* _What to do_
A word-for-word copy of the lines from the one holding "rewrite (eqmx_eq_congr (Ispace_chiS" through the final line of the records below is the only output asked for.

[Dataset entries]
Content starts
Lemma Ispace_chiS S : S \subset B -> (Ispace B D S :=: chiS E (Ispace_support D S))%MS.
Proof.
move=> SB; apply: eqmx_chiS => [v|t].
  rewrite /Ispace sub_capmx => /andP[vI vC] i vi; rewrite inE.
  case: (iota_im_support SB vI vi) => [->//|[iP iS]].
  by case: (conn_im_support vC vi) => [->//|[_ ->]]; rewrite iP iS orbT.
rewrite inE => /orP[tR | /and3P[tP tS /existsP[x /andP[xX Dxt]]]];
  rewrite /Ispace /iota_im /conn_im !sub_capmx.
  have [tB _] := memR tR; have tI := unit_target tR.
  by rewrite (submx_trans tI (addsmxSr _ _)) (submx_trans tI (submxMl _ _)) unit_chiS.
rewrite (unit_paired xX tP Dxt) unit_chiS (Pset_sub tP) !andbT.
apply: submx_trans (addsmxSl _ _); rewrite sub_capmx sub_kermx unit_chiS tS andbT.
by apply/eqP/rowP => i; rewrite -rowE !mxE (Pset_row0 _ MD tP).
Qed.

Lemma Ispace_support_step b : b \in B ->
  (Ispace_support D [set c in B | (c <= b)%N] == Ispace_support D [set c in B | (c < b)%N])
  = ~~ ((b \in P) && paired D b).
Proof.
move=> bB; set S1 := [set c in B | _]; set S0 := [set c in B | _].
have memS1 i : (i \in S1) = (i \in B) && (i <= b)%N by rewrite inE.
have memS0 i : (i \in S0) = (i \in B) && (i < b)%N by rewrite inE.
have memI S' i : (i \in Ispace_support D S') = (i \in R) || [&& i \in P, i \in S' & paired D i].
  by rewrite in_set.
apply/eqP/idP => [/setP/(_ b)|bnot].
  rewrite !memI memS1 memS0 bB leqnn ltnn /= andbF orbF.
  by move=> eqb; apply/negP => /andP[bP pb]; move: eqb; rewrite (negbTE (Pset_notR bP)) bP pb.
apply/setP => i; rewrite !memI memS1 memS0.
have [->|ib] := eqVneq i b.
  by rewrite bB leqnn ltnn /= andbF orbF (negbTE bnot) orbF.
have ib' : (i : nat) != b by [].
by rewrite leq_eqVlt (negbTE ib').
Qed.

Lemma Hset_quasi b : b \in Hset B D <-> (b \in P /\ exists x, x \in X /\ D x b != 0).
Proof.
rewrite inE /essential; have [bB|bB] /= := boolP (b \in B); last first.
  by split=> // [[/Pset_sub bB']]; rewrite bB' in bB.
have sub_B (lt : rel nat) : [set c in B | lt c b] \subset B.
  by apply/subsetP => c; rewrite inE => /andP[].
rewrite (eqmx_eq_congr (Ispace_chiS (sub_B leq)) (Ispace_chiS (sub_B ltn))).
rewrite eqmx_chiS_set Ispace_support_step // negbK; split=> [/andP[bP /existsP[x /andP[xX Dxb]]]|].
  by split=> //; exists x.
by case=> bP [x [xX Dxb]]; rewrite bP; apply/existsP; exists x; rewrite xX.
Qed.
Content ends
* _Output below_
rewrite (eqmx_eq_congr (Ispace_chiS (sub_B leq)) (Ispace_chiS (sub_B ltn))).
rewrite eqmx_chiS_set Ispace_support_step // negbK; split=> [/andP[bP /existsP[x /andP[xX Dxb]]]|].
  by split=> //; exists x.
by case=> bP [x [xX Dxb]]; rewrite bP; apply/existsP; exists x; rewrite xX.
Qed.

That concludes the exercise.